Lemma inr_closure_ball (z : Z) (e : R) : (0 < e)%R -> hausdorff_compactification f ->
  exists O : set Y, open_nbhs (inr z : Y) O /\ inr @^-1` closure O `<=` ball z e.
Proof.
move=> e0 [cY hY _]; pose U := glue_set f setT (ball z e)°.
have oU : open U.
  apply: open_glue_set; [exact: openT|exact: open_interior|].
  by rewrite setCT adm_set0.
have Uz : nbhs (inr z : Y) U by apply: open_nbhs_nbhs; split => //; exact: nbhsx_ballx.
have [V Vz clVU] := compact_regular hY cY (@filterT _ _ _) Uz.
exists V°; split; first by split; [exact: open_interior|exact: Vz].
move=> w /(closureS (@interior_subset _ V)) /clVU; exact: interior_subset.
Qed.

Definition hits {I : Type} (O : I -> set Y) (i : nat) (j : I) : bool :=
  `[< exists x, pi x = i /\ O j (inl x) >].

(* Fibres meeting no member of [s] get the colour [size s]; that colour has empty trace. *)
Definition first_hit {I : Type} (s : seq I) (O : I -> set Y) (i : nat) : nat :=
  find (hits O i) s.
==
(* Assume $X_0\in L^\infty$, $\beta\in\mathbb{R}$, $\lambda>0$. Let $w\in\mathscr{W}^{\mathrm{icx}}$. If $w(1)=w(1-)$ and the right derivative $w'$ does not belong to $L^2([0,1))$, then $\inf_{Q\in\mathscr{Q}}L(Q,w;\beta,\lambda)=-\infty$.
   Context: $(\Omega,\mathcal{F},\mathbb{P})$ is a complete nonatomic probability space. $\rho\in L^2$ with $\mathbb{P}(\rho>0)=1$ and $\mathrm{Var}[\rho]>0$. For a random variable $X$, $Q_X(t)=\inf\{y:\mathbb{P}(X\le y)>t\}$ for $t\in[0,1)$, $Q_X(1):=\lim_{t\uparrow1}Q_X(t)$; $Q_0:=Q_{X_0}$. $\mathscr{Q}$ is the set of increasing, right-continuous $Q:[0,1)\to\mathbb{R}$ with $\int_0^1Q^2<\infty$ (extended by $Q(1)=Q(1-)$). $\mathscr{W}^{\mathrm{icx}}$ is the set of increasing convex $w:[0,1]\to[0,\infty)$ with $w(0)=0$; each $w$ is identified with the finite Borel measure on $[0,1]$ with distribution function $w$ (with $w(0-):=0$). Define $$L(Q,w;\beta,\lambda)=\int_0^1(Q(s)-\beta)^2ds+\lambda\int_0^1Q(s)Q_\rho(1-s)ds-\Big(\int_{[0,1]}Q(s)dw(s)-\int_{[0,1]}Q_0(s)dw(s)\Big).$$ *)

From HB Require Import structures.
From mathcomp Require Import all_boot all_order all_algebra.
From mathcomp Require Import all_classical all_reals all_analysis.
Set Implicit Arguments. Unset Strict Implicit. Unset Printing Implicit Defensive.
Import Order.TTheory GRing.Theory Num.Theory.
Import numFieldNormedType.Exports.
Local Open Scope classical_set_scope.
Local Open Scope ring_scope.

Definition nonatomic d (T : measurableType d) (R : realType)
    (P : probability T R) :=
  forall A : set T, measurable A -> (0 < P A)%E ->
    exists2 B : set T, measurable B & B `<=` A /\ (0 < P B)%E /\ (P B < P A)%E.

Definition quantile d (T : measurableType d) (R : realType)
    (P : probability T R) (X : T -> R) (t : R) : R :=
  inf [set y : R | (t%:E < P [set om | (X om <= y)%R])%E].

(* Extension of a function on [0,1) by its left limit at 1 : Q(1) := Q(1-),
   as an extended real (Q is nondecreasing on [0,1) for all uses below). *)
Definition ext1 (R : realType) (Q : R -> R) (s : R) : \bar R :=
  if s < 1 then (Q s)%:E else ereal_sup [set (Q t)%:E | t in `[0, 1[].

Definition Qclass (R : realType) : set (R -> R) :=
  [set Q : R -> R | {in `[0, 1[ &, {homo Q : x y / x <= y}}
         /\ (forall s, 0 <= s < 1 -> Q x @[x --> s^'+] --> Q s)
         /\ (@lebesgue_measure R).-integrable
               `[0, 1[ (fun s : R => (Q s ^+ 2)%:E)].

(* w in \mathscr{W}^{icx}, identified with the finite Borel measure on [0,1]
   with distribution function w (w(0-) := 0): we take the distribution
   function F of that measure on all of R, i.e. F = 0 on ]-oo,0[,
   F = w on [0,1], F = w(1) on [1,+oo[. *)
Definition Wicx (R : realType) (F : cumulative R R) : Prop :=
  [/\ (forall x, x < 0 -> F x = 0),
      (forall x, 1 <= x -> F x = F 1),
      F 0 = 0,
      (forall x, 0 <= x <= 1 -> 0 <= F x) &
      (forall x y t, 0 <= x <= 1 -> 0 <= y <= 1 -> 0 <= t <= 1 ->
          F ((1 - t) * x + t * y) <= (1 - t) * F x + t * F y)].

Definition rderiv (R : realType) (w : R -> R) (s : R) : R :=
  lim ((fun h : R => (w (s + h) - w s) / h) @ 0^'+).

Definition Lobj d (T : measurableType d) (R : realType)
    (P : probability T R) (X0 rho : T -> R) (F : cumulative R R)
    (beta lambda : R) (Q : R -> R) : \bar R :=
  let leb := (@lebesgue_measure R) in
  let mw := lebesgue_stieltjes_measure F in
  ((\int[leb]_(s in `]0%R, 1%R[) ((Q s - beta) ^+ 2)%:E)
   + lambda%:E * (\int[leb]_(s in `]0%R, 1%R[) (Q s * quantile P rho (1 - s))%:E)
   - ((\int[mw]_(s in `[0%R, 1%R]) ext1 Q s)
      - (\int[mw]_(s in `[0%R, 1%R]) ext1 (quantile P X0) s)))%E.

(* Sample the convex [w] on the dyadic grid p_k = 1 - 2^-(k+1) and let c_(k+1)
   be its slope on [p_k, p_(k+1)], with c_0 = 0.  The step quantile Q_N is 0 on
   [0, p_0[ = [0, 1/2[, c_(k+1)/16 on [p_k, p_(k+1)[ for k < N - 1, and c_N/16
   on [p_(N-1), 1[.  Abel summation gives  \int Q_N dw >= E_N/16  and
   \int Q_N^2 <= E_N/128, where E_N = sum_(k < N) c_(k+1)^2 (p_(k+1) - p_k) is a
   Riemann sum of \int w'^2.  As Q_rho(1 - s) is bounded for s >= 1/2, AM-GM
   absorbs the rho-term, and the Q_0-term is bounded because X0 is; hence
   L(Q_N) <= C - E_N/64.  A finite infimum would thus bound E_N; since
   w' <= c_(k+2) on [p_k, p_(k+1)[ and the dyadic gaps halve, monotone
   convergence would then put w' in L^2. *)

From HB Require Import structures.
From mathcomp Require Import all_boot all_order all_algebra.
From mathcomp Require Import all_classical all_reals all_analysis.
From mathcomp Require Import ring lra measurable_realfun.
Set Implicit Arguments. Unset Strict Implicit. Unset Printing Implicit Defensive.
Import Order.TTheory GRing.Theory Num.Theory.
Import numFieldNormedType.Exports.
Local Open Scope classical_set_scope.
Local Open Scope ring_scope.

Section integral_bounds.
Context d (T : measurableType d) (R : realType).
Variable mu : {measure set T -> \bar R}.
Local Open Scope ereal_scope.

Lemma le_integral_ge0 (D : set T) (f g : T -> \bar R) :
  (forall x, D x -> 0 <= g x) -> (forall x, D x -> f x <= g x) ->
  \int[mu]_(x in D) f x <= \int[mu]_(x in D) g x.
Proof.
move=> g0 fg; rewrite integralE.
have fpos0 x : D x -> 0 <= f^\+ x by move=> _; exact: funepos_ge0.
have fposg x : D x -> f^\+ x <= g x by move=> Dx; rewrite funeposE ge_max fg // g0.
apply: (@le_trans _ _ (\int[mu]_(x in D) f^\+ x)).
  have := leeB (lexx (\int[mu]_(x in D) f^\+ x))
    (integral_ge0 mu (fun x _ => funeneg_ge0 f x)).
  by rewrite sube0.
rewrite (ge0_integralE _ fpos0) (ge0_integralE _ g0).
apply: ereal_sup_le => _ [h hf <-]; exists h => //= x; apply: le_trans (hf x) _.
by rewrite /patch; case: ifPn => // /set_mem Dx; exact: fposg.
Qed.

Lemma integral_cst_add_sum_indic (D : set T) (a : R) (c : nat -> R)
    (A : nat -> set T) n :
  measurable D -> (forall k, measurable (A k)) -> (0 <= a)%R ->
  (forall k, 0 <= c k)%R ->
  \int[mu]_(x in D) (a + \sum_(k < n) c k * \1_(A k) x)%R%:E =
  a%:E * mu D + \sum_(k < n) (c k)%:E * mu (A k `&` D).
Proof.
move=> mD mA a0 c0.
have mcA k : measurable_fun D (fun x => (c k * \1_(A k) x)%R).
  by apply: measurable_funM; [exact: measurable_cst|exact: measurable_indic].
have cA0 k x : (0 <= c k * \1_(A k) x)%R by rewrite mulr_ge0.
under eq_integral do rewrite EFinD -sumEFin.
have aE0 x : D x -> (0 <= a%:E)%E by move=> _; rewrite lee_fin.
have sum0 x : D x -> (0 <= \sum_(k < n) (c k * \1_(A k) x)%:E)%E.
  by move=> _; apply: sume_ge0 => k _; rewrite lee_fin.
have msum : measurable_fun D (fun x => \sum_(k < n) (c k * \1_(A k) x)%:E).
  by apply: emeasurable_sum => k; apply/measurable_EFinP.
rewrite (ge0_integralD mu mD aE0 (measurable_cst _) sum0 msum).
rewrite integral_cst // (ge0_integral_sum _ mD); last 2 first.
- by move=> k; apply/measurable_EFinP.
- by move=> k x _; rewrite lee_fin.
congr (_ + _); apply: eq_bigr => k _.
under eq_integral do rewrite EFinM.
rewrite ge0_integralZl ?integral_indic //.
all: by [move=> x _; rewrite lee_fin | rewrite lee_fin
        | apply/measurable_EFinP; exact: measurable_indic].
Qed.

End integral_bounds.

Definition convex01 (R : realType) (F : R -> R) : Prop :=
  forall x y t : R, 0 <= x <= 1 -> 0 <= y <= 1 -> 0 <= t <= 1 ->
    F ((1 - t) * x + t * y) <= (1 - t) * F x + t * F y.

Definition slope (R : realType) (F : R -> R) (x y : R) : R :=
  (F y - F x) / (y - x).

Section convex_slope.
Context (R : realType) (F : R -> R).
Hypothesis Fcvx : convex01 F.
...
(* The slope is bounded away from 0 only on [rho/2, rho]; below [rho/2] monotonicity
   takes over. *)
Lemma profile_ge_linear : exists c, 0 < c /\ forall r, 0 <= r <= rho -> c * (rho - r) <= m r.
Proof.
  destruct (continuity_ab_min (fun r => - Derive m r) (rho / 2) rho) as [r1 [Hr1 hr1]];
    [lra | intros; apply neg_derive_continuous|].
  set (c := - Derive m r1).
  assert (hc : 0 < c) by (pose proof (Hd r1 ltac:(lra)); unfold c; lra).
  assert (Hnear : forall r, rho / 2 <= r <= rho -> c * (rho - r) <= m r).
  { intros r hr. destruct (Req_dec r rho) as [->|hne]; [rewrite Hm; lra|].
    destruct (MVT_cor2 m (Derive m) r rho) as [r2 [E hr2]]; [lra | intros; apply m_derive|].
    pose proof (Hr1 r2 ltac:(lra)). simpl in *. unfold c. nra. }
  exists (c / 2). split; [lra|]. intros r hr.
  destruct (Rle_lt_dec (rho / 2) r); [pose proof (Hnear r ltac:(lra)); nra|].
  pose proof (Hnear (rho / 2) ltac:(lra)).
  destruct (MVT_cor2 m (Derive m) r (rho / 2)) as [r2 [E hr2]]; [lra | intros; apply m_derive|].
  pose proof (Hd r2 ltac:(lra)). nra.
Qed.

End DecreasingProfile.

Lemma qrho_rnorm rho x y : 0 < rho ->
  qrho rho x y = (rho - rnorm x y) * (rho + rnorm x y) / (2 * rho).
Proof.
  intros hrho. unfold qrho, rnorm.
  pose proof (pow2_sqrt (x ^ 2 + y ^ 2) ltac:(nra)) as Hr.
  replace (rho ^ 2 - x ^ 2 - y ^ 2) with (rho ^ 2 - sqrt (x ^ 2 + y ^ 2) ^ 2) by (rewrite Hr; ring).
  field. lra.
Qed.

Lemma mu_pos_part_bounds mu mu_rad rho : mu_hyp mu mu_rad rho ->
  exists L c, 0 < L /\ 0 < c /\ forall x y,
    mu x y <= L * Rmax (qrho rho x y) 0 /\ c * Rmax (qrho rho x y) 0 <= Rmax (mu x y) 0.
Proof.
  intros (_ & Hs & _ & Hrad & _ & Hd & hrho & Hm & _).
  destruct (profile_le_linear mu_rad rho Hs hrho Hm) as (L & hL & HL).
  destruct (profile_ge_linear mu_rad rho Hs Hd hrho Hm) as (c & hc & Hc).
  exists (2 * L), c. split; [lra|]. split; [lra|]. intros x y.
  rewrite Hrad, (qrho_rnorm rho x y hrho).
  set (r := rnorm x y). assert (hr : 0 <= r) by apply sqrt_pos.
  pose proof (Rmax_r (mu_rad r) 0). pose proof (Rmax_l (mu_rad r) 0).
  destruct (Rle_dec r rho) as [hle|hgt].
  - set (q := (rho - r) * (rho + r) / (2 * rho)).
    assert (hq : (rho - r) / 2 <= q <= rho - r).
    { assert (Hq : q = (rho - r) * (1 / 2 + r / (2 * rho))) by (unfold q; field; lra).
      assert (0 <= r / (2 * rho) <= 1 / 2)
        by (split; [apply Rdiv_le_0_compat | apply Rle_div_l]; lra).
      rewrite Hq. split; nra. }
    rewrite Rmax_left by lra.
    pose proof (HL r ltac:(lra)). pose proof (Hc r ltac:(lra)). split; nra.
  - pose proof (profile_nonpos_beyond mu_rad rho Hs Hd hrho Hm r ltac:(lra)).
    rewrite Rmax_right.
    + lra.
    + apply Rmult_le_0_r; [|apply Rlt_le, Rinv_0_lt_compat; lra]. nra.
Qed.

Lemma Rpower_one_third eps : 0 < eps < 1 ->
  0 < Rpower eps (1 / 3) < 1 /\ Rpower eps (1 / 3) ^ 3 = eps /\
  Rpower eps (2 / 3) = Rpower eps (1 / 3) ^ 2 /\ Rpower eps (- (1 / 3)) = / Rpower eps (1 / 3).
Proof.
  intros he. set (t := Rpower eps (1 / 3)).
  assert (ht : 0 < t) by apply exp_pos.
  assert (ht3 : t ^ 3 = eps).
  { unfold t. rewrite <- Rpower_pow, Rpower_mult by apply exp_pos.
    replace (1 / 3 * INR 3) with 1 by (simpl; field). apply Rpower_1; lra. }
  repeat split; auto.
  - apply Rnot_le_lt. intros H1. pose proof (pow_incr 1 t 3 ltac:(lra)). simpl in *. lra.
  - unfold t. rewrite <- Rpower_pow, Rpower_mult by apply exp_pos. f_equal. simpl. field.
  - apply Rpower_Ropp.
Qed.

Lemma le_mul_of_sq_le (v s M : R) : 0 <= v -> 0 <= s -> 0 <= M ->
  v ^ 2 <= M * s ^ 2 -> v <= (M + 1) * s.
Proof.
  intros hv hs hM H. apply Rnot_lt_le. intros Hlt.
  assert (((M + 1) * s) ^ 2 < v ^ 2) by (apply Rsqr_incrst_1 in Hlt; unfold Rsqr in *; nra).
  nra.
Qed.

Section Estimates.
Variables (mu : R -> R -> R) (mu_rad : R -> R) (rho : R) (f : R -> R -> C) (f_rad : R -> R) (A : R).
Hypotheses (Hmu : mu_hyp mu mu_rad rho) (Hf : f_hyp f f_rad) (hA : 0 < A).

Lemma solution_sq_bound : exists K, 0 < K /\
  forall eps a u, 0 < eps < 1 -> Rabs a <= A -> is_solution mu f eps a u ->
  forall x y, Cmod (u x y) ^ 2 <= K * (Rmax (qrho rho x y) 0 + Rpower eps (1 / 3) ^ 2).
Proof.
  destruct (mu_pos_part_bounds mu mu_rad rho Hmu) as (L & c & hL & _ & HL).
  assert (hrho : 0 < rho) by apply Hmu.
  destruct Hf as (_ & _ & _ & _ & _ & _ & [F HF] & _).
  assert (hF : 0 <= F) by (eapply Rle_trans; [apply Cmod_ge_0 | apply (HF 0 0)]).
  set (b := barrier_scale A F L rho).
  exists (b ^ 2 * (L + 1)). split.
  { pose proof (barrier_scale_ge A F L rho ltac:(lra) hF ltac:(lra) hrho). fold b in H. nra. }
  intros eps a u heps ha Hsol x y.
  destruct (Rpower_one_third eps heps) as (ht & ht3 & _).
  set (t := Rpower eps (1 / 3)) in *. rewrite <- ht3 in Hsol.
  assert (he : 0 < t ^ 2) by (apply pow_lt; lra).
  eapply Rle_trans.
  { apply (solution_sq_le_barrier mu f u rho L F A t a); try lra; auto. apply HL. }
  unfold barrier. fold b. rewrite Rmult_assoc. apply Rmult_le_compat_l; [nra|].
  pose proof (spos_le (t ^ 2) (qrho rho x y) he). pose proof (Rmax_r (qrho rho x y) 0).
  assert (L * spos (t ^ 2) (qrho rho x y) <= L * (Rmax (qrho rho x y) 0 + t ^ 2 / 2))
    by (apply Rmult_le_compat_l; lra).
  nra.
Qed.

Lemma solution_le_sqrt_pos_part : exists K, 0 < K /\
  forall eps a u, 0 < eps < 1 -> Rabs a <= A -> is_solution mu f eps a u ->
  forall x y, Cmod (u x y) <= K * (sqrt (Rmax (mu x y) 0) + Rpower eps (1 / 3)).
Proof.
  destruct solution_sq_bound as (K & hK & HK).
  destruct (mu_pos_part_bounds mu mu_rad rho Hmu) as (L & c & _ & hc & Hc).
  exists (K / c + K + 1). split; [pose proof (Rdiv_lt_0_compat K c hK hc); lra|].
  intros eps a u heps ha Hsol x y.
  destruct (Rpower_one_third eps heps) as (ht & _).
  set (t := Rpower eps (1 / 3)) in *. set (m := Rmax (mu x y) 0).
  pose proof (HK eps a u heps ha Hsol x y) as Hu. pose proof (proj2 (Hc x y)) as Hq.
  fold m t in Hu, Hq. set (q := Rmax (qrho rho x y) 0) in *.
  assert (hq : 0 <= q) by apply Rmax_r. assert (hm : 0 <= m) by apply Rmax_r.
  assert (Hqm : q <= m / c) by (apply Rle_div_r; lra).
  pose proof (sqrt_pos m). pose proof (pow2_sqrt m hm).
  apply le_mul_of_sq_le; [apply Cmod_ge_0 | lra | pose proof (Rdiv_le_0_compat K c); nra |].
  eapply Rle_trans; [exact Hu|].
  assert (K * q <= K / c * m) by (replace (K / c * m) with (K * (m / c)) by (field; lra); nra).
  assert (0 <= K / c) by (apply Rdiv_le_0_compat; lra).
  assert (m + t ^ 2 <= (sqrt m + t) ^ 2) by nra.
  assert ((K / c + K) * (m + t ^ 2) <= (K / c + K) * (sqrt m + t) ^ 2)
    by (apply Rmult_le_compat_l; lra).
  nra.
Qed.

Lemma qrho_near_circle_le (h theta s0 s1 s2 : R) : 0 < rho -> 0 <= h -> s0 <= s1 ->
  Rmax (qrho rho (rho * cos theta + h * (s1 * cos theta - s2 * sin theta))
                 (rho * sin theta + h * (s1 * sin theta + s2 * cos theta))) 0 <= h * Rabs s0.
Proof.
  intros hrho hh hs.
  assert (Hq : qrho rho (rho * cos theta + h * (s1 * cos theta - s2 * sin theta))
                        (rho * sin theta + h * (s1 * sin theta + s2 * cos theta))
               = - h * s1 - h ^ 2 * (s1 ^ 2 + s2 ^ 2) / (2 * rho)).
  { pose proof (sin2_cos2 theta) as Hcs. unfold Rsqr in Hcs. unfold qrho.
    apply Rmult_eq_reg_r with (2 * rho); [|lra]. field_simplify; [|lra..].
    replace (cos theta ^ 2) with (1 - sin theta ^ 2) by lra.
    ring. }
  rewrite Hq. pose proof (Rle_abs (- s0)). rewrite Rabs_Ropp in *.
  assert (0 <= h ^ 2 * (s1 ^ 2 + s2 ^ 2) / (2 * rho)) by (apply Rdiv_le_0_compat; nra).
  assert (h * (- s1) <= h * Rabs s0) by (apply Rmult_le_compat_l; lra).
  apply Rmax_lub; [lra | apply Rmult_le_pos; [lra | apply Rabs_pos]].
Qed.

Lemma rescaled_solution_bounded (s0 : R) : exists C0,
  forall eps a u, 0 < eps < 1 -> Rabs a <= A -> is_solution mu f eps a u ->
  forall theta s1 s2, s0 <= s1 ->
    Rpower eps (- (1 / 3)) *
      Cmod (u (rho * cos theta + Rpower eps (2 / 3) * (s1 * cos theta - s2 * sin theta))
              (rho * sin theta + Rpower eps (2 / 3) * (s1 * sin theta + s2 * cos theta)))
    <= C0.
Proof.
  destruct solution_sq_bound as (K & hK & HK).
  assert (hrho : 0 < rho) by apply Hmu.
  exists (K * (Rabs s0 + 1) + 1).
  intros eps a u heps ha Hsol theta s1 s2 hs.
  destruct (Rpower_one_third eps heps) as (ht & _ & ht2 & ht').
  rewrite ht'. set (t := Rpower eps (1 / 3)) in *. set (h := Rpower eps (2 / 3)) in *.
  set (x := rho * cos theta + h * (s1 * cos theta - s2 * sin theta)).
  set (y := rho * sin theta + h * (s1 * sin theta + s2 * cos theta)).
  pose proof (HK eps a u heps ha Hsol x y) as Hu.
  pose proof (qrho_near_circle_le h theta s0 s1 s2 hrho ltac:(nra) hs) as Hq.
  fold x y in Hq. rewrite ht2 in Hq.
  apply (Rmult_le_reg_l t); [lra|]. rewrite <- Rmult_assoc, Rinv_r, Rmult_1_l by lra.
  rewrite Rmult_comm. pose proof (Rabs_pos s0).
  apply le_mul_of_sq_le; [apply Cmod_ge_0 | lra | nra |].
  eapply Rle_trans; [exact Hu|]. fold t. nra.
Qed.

Exercise directions: Among the records above, extract exactly the lines from the line with "rewrite (ge0_integralD mu" to the line with "rewrite ge0_integralZl ?integral_indic //.", both lines included, and leave out the rest.

Answer to the exercise:
rewrite (ge0_integralD mu mD aE0 (measurable_cst _) sum0 msum).
rewrite integral_cst // (ge0_integral_sum _ mD); last 2 first.
- by move=> k; apply/measurable_EFinP.
- by move=> k x _; rewrite lee_fin.
congr (_ + _); apply: eq_bigr => k _.
under eq_integral do rewrite EFinM.
rewrite ge0_integralZl ?integral_indic //.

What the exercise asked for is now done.